Graceful degradation on cap hit

When a cap is hit, the system returns a clear signal that the caller can handle without crashing:

PHP

// In the description generation caller:
$result = [client]_ai_request( [
    'task'     => 'description',
    'messages' => [ [ 'role' => 'user', 'content' => $prompt ] ],
] );

if ( ! $result['ok'] && $result['error'] === 'daily_cap' ) {
    // Schedule for tomorrow instead of failing hard
    wp_schedule_single_event(
        strtotime( 'tomorrow midnight' ) + rand( 0, 3600 ),
        '[client]_generate_description',
        [ $unit_id ]
    );
    return; // Don't alert — this is expected behavior
}

if ( ! $result['ok'] ) {
    [client]_alert_ai_failure( $unit_id, $result['error'] );
    return;
}

Cost estimation from token count

The wrapper needs to log cost without making an extra API call. Estimated cost is computed from token count and known pricing:

PHP

function [client]_estimate_cost( string $model, int $tokens ): float {
    // Prices per 1M tokens (input + output blended estimate)
    $rates = [
        'claude-haiku-4-5-20251001' => 0.00080,  // $0.80 / 1M tokens
        'claude-sonnet-4-6'         => 0.01200,  // $12 / 1M tokens
        'claude-opus-4-7'           => 0.07500,  // $75 / 1M tokens
    ];

    $rate = $rates[ $model ] ?? 0.01;
    return round( ( $tokens / 1000000 ) * $rate, 6 );
}

Prompt caching for batch jobs

When running a description batch job, the system prompt is identical for every unit. Anthropic’s prompt caching reduces cost by 90% on cached input tokens:

PHP

function [client]_generate_description_batch( array $unit_ids ): void {
    $system_prompt = [client]_get_description_system_prompt();

    foreach ( $unit_ids as $unit_id ) {
        $specs = [client]_get_unit_specs_for_description( $unit_id );

        $result = [client]_ai_request( [
            'task'         => 'description',
            'system'       => $system_prompt,
            'cache_system' => true,  // Cache the system prompt across batch calls
            'messages'     => [
                [
                    'role'    => 'user',
                    'content' => "Write a listing description for this boat:\n\n" . $specs,
                ],
            ],
        ] );

        if ( $result['ok'] ) {
            update_post_meta( $unit_id, '[client]_ai_description', $result['content'] );
            update_post_meta( $unit_id, '[client]_ai_description_date', current_time( 'mysql' ) );
        }
    }
}

The actual cache-control headers are set inside the wrapper when cache_system is true:

PHP (inside [client]_ai_request)

if ( ! empty( $args['cache_system'] ) && $args['system'] ) {
    $request_body['system'] = [
        [
            'type'          => 'text',
            'text'          => $args['system'],
            'cache_control' => [ 'type' => 'ephemeral' ],
        ]
    ];
}

Why it matters

A daily cap converts an open-ended cost exposure into a predictable one. The system can spend at most $4/day ($2 descriptions + $1 search + $0.50 summaries + buffer). That’s $120/month maximum, regardless of what the batch jobs do or how many leads come in.

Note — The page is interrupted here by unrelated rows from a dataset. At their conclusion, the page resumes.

Lemma payoff_garble (A : finType) (E : Theta -> Z -> R) (u : Theta -> A -> R)
    (sigma : W -> A -> R) :
  payoff (garble E K) u sigma = payoff E u (fun z a => \sum_w K z w * sigma w a).
Proof.
rewrite /payoff; apply: eq_bigr => th _; rewrite /garble.
under eq_bigr do rewrite mulr_suml.
rewrite exchange_big /=; apply: eq_bigr => z _.
under eq_bigr do rewrite -mulrA.
rewrite -mulr_sumr; congr (_ * _).
under [RHS]eq_bigr do rewrite mulr_suml.
rewrite exchange_big /=; apply: eq_bigr => w _.
by rewrite mulr_sumr; apply: eq_bigr => a _; rewrite mulrA.
Qed.

Lemma informative_garble (E : Theta -> Z -> R) : more_informative E (garble E K).
Proof.
move=> A cA u; have [sigma Hs ->] := value_attained (garble E K) u cA.
by rewrite payoff_garble; apply: payoff_le_value => //; apply: stochastic_compose.
Qed.

End Garbling.

Section PiecewiseLinear.
Variable R : realType.

Definition hinge (x c : R) : R := Num.max 0 (x - c).

Lemma hingeE_ge x c : c <= x -> hinge x c = x - c.
Proof. by move=> h; rewrite /hinge max_r // subr_ge0. Qed.

Lemma hingeE_le x c : x <= c -> hinge x c = 0.
Proof. by move=> h; rewrite /hinge max_l // subr_le0. Qed.

Lemma hinge_ge0 x c : 0 <= hinge x c.
Proof. by rewrite /hinge le_max lexx. Qed.

(* The convex piecewise-linear function  x |-> A + B x + sum_k c_k (x - t_k)_+,
   the pair k = (c_k, t_k) recording a kink at t_k with slope increment c_k. *)
Definition plfun (A B : R) (ks : seq (R * R)) (x : R) : R :=
  A + B * x + \sum_(k <- ks) k.1 * hinge x k.2.

Definition good_kinks (ks : seq (R * R)) : bool :=
  all (fun k => (0 <= k.1) && (0 < k.2 < 1)) ks.

Definition slope_below (B : R) (ks : seq (R * R)) (c : R) : R :=
  B + \sum_(k <- ks | k.2 < c) k.1.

Prompt caching on batch jobs is the highest-leverage cost optimization available. A 166-unit description batch without caching costs $0.40. With caching (system prompt cached after the first call), it costs under $0.05. The system prompt is ~800 tokens; caching it at 90% discount on every subsequent call in the batch produces most of the savings.

The Anchor build

The daily cap has been in production since the wrapper shipped. It fired three times: once when a staff member clicked “Generate All Descriptions” twice in the same day (second batch deferred to the next day, correct behavior), once during a code bug that would have sent 400 identical requests (cap stopped it after $2), and once during a period when inbound leads spiked and the lead summary task hit its cap by 3pm.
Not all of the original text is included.